Saturday, 14 November 2015

The Dressmaker

Seen at the beautiful old movie theatre in Roseville on Sydney's North Shore

Cecil says: Great opening shot, looking down on a coach heading straight up a dry road alongside the striated lines of dry fields. You can tell a film’s going to be good when it catches the attention so immediately. And don’t miss Kate Winslet’s fantastic opening line about a minute in…

I loved this film, which we saw in the wonderful old Roseville Cinema on Sydney’s North Shore. I want to see it again, it was that good and had so many layers to it. One person we went with thought it reminded her of Unforgiven, but for me it was more Strictly Ballroom, with its period piece setting and its tragi-comic story.

The audience was 95% women, which rather surprised me.

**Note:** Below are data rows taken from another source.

(* Let $(A,S_A)$ and $(B,S_B)$ be objects of $\mathsf{SubS5^S}$ and let $T\colon(A,S_A)\to(B,S_B)$ and $Q\colon(B,S_B)\to(A,S_A)$ be morphisms of $\mathsf{SubS5^S}$ that are inverse to each other. Suppose $(A,S_A)$ is a de Vries algebra. Then: (1) for all $a_1,a_2\in A$: $a_1\le a_2\iff T[a_1]\supseteq T[a_2]\iff Q^{-1}[a_1]\subseteq Q^{-1}[a_2]$; (2) for all $a\in A$: $Q^{-1}[a]=S_B^{-1}[L(T[a])]$ and $T[a]=S_B[U(Q^{-1}[a])]$.
   Context: A subordination $S\colon A\to B$ between boolean algebras is a relation with (S1) $0\mathrel{S}0$, $1\mathrel{S}1$; (S2) $a,b\mathrel{S}c\Rightarrow(a\vee b)\mathrel{S}c$; (S3) $a\mathrel{S}c,d\Rightarrow a\mathrel{S}(c\wedge d)$; (S4) $a\le b\mathrel{S}c\le d\Rightarrow a\mathrel{S}d$. An $\mathsf{S5}$-subordination on $B$ also satisfies (S5) $a\mathrel{S}b\Rightarrow a\le b$; (S6) $a\mathrel{S}b\Rightarrow\neg b\mathrel{S}\neg a$; (S7) $a\mathrel{S}b\Rightarrow\exists c\,(a\mathrel{S}c\mathrel{S}b)$. $\mathsf{SubS5^S}$: objects $(B,S)$ with $S$ an $\mathsf{S5}$-subordination on $B$; morphisms $(B,S)\to(B',S')$ are subordinations $T$ with $T\circ S=T=S'\circ T$; identity on $(B,S)$ is $S$; composition relational ($a\mathrel{(T_2\circ T_1)}c$ iff $\exists b$, $a\mathrel{T_1}b\mathrel{T_2}c$). A de Vries algebra is $(B,S)$ in $\mathsf{SubS5^S}$ with $B$ complete and (S8) $a\ne0\Rightarrow\exists b\ne0,\ b\mathrel{S}a$. Notation: $T[a]=\{b\mid a\mathrel{T}b\}$, $Q^{-1}[a]=\{b\mid b\mathrel{Q}a\}$; for a set $X$, $S_B[X]=\{c\mid\exists x\in X,\ x\mathrel{S_B}c\}$ and $S_B^{-1}[X]=\{c\mid\exists x\in X,\ c\mathrel{S_B}x\}$; $U(X)$ and $L(X)$ are the sets of upper and lower bounds of $X$ in $B$. *)

(* boolean algebras are complemented distributive lattices
   with top and bottom ([ctbDistrLatticeType d]); relations are Prop-valued. *)
From HB Require Import structures.
From mathcomp Require Import all_boot all_order.
Set Implicit Arguments. Unset Strict Implicit. Unset Printing Implicit Defensive.
Import Order.TTheory.
Local Open Scope order_scope.


(* relational composition: a (T2 o T1) c iff exists b, a T1 b T2 c *)
Definition rcomp {X Y Z : Type} (T1 : X -> Y -> Prop) (T2 : Y -> Z -> Prop)
  : X -> Z -> Prop := fun a c => exists b, T1 a b /\ T2 b c.

Definition releq {X Y : Type} (R1 R2 : X -> Y -> Prop) : Prop :=
  forall a b, R1 a b <-> R2 a b.

(* (S1)-(S4) *)
Definition subordination {dA dB : Order.disp_t} (A : ctbDistrLatticeType dA) (B : ctbDistrLatticeType dB)
  (S : A -> B -> Prop) : Prop :=
  [/\ S \bot \bot /\ S \top \top,
      (forall a b c, S a c -> S b c -> S (a `|` b) c),
      (forall a c d, S a c -> S a d -> S a (c `&` d)) &
      (forall a b c d, a <= b -> S b c -> c <= d -> S a d)].

(* S5-subordination on B: (S1)-(S7) *)
Definition S5_subordination {dB : Order.disp_t} (B : ctbDistrLatticeType dB) (S : B -> B -> Prop)
  : Prop :=
  [/\ subordination S,
      (forall a b, S a b -> a <= b),
      (forall a b, S a b -> S (~` b) (~` a)) &
      (forall a b, S a b -> exists c, S a c /\ S c b)].

(* morphism (A,SA) -> (B,SB) of SubS5^S: subordination T with T o SA = T = SB o T *)
Definition SubS5S_morphism {dA dB : Order.disp_t} (A : ctbDistrLatticeType dA) (B : ctbDistrLatticeType dB)
  (SA : A -> A -> Prop) (SB : B -> B -> Prop) (T : A -> B -> Prop) : Prop :=
  [/\ subordination T, releq (rcomp SA T) T & releq (rcomp T SB) T].

Definition complete_lattice {dA : Order.disp_t} (A : ctbDistrLatticeType dA) : Prop :=
  forall X : A -> Prop, exists s : A,
    (forall x, X x -> x <= s) /\ (forall u, (forall x, X x -> x <= u) -> s <= u).

(* de Vries algebra: object of SubS5^S, complete, and (S8) *)
Definition de_Vries {dA : Order.disp_t} (A : ctbDistrLatticeType dA) (S : A -> A -> Prop) : Prop :=
  [/\ S5_subordination S, complete_lattice A &
      (forall a : A, a != \bot -> exists b, b != \bot /\ S b a)].

(* In a de Vries algebra, (S5) and (S8) make an element determined by what it
   is subordinated to: if every e with e S x also satisfies e S y, then x <= y,
   since otherwise (S8) gives a non-zero e S (x `&` ~` y), which (S5) forces
   below both y and ~` y.  Because T and Q are mutually inverse, e SA a holds
   iff e is reached from a through some b with a T b Q e, so comparisons of
   T-images and Q-preimages transfer to comparisons of SA-images and hence to
   the order of A.  Part (2) then follows from SB = T o Q, SB o T = T and
   Q o SB = Q together with (S5) for SB. *)

From HB Require Import structures.
From mathcomp Require Import all_boot all_order.
Set Implicit Arguments. Unset Strict Implicit. Unset Printing Implicit Defensive.
Import Order.TTheory Order.Theory.
Local Open Scope order_scope.

Lemma subordination_mono (dA dB : Order.disp_t)
    (A : ctbDistrLatticeType dA) (B : ctbDistrLatticeType dB) (S : A -> B -> Prop)
    (a b : A) (c d : B) :
  subordination S -> a <= b -> S b c -> c <= d -> S a d.
Proof. by case=> _ _ _ S4; apply: S4. Qed.

Section DeVriesSeparation.

Variables (d : Order.disp_t) (A : ctbDistrLatticeType d) (S : A -> A -> Prop).
Hypothesis dV : de_Vries S.

Lemma de_Vries_le_of_subordinated (x y : A) :
  (forall e, S e x -> S e y) -> x <= y.
Proof.
have [[Ssub S5 _ _] _ S8] := dV.
move=> Sxy; case: (boolP (x <= y)) => // nxy.
have [e [e_neq0 Se]] : exists e, e != \bot /\ S e (x `&` ~` y).
  by apply: S8; rewrite -diffE diff_eq0.
have e_le_ny : e <= ~` y := le_trans (S5 _ _ Se) (leIr _ _).
have e_le_y : e <= y.
  by apply/S5/Sxy; apply: subordination_mono Se (leIl _ _).
have : e <= y `&` ~` y by rewrite lexI e_le_y.
by rewrite meetxC lex0 (negbTE e_neq0).
Qed.

Lemma de_Vries_le_of_subordinate (x y : A) :
  (forall e, S y e -> S x e) -> x <= y.
Proof.
have [[_ _ S6 _] _ _] := dV.
move=> Syx; rewrite -leC; apply: de_Vries_le_of_subordinated => e /S6.
by rewrite complK => /Syx /S6; rewrite complK.
Qed.

End DeVriesSeparation.

Section InverseMorphisms.

Variables (dA dB : Order.disp_t).
Variables (A : ctbDistrLatticeType dA) (B : ctbDistrLatticeType dB).
Variables (SA : A -> A -> Prop) (SB : B -> B -> Prop).
Variables (T : A -> B -> Prop) (Q : B -> A -> Prop).
Hypotheses (Tsub : subordination T) (Qsub : subordination Q).
Hypotheses (TQ : releq (rcomp T Q) SA) (QT : releq (rcomp Q T) SB).
Hypothesis dV : de_Vries SA.

Lemma le_of_image_sub (a1 a2 : A) :
  (forall b, T a2 b -> T a1 b) -> a1 <= a2.
Proof.
move=> Ta21; apply: (de_Vries_le_of_subordinate dV) => e /TQ [b [Tb Qb]].
by apply/TQ; exists b; split; first exact: Ta21.
Qed.

Lemma le_of_preimage_sub (a1 a2 : A) :
  (forall b, Q b a1 -> Q b a2) -> a1 <= a2.
Proof.
move=> Qa12; apply: (de_Vries_le_of_subordinated dV) => e /TQ [b [Tb Qb]].
by apply/TQ; exists b; split; last exact: Qa12.
Qed.

Hypothesis SB5 : forall b1 b2, SB b1 b2 -> b1 <= b2.
Hypotheses (QSB : releq (rcomp SB Q) Q) (SBT : releq (rcomp T SB) T).

Lemma preimage_le_image (a : A) (b1 b2 : B) : Q b1 a -> T a b2 -> b1 <= b2.
Proof. by move=> Qb1 Tb2; apply/SB5/QT; exists a. Qed.

Lemma preimage_lower_boundsE (a : A) (b : B) :
  Q b a <-> exists x, (forall y, T a y -> x <= y) /\ SB b x.
Proof.
split.
- move=> /QSB [x [SBbx Qxa]]; exists x; split=> // y.
  exact: preimage_le_image.
- move=> [x [x_lb /QT [a' [Qxa' Ta'x]]]].
  apply: subordination_mono Qsub (lexx b) Qxa' _.
  apply: le_of_image_sub => y Tay.
  exact: subordination_mono Tsub (lexx a') Ta'x (x_lb _ Tay).
Qed.

Lemma image_upper_boundsE (a : A) (b : B) :
  T a b <-> exists x, (forall y, Q y a -> y <= x) /\ SB x b.
Proof.
split.
- move=> /SBT [x [Tax SBxb]]; exists x; split=> // y Qya.
  exact: preimage_le_image Qya Tax.
- move=> [x [x_ub /QT [a' [Qxa' Ta'b]]]].
  apply: subordination_mono Tsub _ Ta'b (lexx b).
  apply: le_of_preimage_sub => y Qya.
  exact: subordination_mono Qsub (x_ub _ Qya) Qxa' (lexx a').
Qed.

End InverseMorphisms.

Theorem lemma5p1 (dA dB : Order.disp_t)
  (A : ctbDistrLatticeType dA) (B : ctbDistrLatticeType dB)
  (SA : A -> A -> Prop) (SB : B -> B -> Prop)
  (T : A -> B -> Prop) (Q : B -> A -> Prop) :
  S5_subordination SA -> S5_subordination SB ->
  SubS5S_morphism SA SB T -> SubS5S_morphism SB SA Q ->
  releq (rcomp T Q) SA -> releq (rcomp Q T) SB ->
  de_Vries SA ->
  (forall a1 a2 : A,
      (a1 <= a2 <-> (forall b, T a2 b -> T a1 b)) /\
      ((forall b, T a2 b -> T a1 b) <-> (forall b, Q b a1 -> Q b a2))) /\
  (forall a : A,
      (forall b : B, Q b a <->
         exists x : B, (forall y, T a y -> x <= y) /\ SB b x) /\
      (forall b : B, T a b <->
         exists x : B, (forall y, Q y a -> y <= x) /\ SB x b)).
Proof.
move=> _ [_ SB5 _ _] [Tsub _ SBT] [Qsub QSB _] TQ QT dV.
have le_img := le_of_image_sub TQ dV.
have le_pre := le_of_preimage_sub TQ dV.
split=> [a1 a2 | a]; last first.
  by split=> b; [apply: preimage_lower_boundsE | apply: image_upper_boundsE].
split; split.
- by move=> le12 b Tb; apply: subordination_mono Tsub le12 Tb (lexx b).
- exact: le_img.
- by move=> /le_img le12 b Qb; apply: subordination_mono Qsub (lexx b) Qb le12.
- by move=> /le_pre le12 b Tb; apply: subordination_mono Tsub le12 Tb (lexx b).
Qed.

Sure the costumes were mostly aimed at making the women in small country town Australia look glamorous, and dress-making was a major theme of the film, but there was so much more to it than that.

I loved some of the icons of 1950s Australia. The Golden Fleece petrol sign was still a feature on Australian roads when I was a little kid here in 1967 so that was a nice memory jolt for me (when did Golden Fleece disappear?); the ‘elixirs’ people used to consume were still around too when I was small, though they were on their last legs in the way Almanacs and hand wringers were.

Kate Winslet is brilliant in the main role. The ever-present Hugo Weaving looked to be enjoying himself as the cross-dressing copper, though maybe taken a little bit OTT by Jocelyn Moorhouse, who wrote the screenplay and directed.

Sarah Snook was wonderfully disguised as Gertrude Pratt at first and it took me a few scenes to realise she was the same actress as the one playing Anna in the excellent ABC drama on TV at the moment The Beautiful Lie.

Schools are probably just as cruel places today to be different from the crowd as they were back then, and the film does a good job with black & white to take us back to Tilly’s school days 25 years earlier. But the film shows how school playground cruelty extends out into the community too, so the people of Dungatar are an evil bunch, upon whom Tilly slowly takes out her revenge.

****.5

Bea says:  
I went in expecting a gentle period drama, and was very surprised to find myself watching a quirky, rather dark, fairytale-style story of revenge, sorrow, laughs, and laying the past to rest. 

Kate Winslett as Tilly (with an excellent Australian accent) returns to the home town in the country she left years before under a cloud, moving back in with her elderly, feisty mother (fantastic to see Judy Davis in fine form again), who at first appears to be demented but as the film develops shows herself to be in full possession of her faculties.  

As the story unravels in layers we meet the characters of the town, and find out what really happened to send Tilly away all those years ago.  A romance is kindled, but ends tragically, and Tilly's return acts as something of a catalyst in the lives of many of the women and men of the town with all sorts of unexpected consequences.  Once all the ghosts are laid to rest, Tilly leaves again in spectacular fashion.  

This is a great Australian film in the tradition of Baz Luhrmann and all those quirky, slightly dark tales (like Cecil I was reminded of Strictly Ballroom and Muriel's Wedding) - and like Luhrmann and those films, it won't be for everyone (there were definitely mixed views in our group!.  It was perhaps in danger of  being too lurid at times, and the town definitely looked like a set to me, which rather detracted from entering into the suspension of belief.  Still if you like dark and interesting, it's a great watch.